>>>>>

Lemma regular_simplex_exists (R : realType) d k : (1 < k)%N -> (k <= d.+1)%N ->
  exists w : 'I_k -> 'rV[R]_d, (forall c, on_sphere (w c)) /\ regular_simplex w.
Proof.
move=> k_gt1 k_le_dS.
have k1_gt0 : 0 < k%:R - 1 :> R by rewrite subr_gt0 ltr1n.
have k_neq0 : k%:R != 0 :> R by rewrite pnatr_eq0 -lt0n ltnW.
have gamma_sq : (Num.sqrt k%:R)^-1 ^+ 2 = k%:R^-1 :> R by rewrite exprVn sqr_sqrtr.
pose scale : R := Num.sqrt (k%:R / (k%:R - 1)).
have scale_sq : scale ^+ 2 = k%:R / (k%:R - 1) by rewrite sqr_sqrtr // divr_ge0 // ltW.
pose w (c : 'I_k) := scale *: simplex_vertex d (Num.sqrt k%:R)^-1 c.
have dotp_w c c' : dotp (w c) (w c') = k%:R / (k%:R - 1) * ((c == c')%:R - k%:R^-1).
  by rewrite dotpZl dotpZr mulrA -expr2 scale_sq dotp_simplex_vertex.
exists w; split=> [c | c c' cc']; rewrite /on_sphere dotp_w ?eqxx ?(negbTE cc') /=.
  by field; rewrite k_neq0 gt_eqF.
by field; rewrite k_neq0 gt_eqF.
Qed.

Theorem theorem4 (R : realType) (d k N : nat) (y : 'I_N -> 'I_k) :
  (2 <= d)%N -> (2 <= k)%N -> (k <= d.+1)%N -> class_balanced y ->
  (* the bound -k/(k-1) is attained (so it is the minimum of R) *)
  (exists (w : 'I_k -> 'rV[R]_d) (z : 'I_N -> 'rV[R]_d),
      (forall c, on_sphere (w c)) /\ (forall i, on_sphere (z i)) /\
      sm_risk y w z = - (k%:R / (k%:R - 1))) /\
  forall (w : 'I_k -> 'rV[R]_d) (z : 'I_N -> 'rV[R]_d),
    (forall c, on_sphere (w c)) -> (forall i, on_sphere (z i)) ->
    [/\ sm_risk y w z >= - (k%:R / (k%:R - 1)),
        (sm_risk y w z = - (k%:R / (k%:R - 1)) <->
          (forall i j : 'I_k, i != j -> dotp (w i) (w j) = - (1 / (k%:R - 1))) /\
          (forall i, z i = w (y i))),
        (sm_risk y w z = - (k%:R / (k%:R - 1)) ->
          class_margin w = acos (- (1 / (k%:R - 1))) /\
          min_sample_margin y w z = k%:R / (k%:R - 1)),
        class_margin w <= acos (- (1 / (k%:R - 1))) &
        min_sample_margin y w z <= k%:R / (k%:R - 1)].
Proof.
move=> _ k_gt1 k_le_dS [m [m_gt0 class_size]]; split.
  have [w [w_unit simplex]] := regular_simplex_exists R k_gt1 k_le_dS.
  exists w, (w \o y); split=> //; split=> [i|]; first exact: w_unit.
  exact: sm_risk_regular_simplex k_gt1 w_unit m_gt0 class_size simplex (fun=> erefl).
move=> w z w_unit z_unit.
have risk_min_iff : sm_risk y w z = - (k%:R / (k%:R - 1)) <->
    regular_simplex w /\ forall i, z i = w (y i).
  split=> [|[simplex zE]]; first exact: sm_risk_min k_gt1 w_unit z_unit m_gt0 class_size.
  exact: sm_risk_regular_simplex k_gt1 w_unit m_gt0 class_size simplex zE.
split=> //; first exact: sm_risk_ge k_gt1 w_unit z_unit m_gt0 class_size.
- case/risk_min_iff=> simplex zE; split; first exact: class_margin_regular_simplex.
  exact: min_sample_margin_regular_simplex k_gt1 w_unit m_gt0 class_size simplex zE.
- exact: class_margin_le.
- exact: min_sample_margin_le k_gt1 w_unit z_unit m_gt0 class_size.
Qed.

<<<<<
>>>>>

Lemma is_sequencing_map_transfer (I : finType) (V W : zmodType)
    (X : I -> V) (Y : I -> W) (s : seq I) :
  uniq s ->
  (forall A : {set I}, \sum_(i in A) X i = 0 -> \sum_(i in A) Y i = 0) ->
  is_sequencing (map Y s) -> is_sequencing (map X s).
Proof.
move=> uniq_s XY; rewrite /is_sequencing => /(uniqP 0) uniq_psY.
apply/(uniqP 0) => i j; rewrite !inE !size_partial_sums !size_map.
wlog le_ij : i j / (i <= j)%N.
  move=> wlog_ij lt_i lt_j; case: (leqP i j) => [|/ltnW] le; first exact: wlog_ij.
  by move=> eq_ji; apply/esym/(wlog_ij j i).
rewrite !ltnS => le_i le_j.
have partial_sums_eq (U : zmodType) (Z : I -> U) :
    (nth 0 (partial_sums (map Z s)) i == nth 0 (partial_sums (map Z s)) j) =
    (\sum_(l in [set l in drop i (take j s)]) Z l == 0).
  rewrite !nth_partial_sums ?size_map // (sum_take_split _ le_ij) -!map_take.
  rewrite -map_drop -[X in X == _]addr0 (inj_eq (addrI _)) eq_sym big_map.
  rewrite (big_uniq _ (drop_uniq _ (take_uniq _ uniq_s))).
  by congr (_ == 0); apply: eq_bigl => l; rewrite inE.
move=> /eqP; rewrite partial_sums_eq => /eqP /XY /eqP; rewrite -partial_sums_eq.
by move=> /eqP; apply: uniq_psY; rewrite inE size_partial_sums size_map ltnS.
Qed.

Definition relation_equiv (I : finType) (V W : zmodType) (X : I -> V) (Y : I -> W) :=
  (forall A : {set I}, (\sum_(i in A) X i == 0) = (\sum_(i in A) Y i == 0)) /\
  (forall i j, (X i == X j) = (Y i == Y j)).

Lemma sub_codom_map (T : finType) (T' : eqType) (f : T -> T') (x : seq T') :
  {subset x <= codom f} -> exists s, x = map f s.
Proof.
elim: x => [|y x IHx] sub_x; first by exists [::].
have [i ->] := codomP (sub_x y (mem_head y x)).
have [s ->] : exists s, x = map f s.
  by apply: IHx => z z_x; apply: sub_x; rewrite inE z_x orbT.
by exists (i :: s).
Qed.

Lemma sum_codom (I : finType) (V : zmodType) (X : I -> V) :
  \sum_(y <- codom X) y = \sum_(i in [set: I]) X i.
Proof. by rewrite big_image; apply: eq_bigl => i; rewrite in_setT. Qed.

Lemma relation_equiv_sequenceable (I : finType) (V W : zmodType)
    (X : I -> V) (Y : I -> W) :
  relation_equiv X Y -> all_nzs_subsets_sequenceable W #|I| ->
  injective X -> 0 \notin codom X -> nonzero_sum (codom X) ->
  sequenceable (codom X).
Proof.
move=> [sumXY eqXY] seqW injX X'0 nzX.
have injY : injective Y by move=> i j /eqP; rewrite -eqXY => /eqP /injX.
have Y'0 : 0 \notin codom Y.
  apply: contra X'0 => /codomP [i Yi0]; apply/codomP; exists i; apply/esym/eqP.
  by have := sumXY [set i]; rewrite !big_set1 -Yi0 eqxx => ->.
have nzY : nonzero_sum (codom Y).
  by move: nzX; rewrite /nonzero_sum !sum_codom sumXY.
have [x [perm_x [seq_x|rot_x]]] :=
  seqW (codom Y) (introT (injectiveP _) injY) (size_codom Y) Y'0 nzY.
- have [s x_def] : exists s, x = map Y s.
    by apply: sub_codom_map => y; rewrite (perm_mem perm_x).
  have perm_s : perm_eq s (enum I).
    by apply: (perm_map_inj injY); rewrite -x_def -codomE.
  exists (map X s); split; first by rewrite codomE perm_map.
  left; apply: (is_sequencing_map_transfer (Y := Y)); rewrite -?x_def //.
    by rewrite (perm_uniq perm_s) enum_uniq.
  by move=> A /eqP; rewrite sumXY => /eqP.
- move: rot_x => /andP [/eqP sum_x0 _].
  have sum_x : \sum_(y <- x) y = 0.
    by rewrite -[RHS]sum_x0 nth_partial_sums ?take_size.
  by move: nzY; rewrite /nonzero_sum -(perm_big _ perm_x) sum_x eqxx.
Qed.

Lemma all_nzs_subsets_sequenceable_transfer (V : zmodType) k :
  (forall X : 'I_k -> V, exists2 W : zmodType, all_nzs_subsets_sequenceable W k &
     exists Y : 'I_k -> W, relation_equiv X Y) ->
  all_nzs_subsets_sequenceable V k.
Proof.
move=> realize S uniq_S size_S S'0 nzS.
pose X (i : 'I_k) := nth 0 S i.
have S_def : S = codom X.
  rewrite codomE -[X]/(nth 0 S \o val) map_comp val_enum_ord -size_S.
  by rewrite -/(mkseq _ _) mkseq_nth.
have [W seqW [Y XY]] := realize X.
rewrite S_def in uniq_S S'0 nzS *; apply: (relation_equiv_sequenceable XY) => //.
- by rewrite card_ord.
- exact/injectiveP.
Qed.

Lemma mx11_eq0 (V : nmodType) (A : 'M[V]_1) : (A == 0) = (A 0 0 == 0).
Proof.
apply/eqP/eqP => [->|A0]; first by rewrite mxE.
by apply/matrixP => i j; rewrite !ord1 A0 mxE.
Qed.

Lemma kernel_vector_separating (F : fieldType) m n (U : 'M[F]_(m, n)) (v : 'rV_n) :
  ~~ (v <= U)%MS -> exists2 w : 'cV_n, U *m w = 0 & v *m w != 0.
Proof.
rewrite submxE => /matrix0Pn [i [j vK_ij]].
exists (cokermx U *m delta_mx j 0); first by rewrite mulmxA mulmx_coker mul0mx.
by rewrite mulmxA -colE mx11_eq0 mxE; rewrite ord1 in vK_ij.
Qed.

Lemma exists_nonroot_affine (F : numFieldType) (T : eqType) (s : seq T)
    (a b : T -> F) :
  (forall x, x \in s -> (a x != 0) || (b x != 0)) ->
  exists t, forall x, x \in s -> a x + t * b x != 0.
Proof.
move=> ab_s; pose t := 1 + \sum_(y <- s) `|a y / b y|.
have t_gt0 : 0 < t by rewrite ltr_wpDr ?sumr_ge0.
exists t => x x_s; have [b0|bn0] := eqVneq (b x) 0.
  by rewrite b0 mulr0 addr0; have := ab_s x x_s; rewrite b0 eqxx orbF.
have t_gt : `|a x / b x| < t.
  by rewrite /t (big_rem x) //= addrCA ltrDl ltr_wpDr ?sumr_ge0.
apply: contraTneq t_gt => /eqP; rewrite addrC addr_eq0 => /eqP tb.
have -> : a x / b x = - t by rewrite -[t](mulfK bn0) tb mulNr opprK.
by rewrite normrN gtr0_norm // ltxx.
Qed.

<<<<<

Of the lines above, extract only those from the line with "all_nzs_subsets_sequenceable V k." to the line with "- by rewrite card_ord.", both included, exactly as written.

  all_nzs_subsets_sequenceable V k.
Proof.
move=> realize S uniq_S size_S S'0 nzS.
pose X (i : 'I_k) := nth 0 S i.
have S_def : S = codom X.
  rewrite codomE -[X]/(nth 0 S \o val) map_comp val_enum_ord -size_S.
  by rewrite -/(mkseq _ _) mkseq_nth.
have [W seqW [Y XY]] := realize X.
rewrite S_def in uniq_S S'0 nzS *; apply: (relation_equiv_sequenceable XY) => //.
- by rewrite card_ord.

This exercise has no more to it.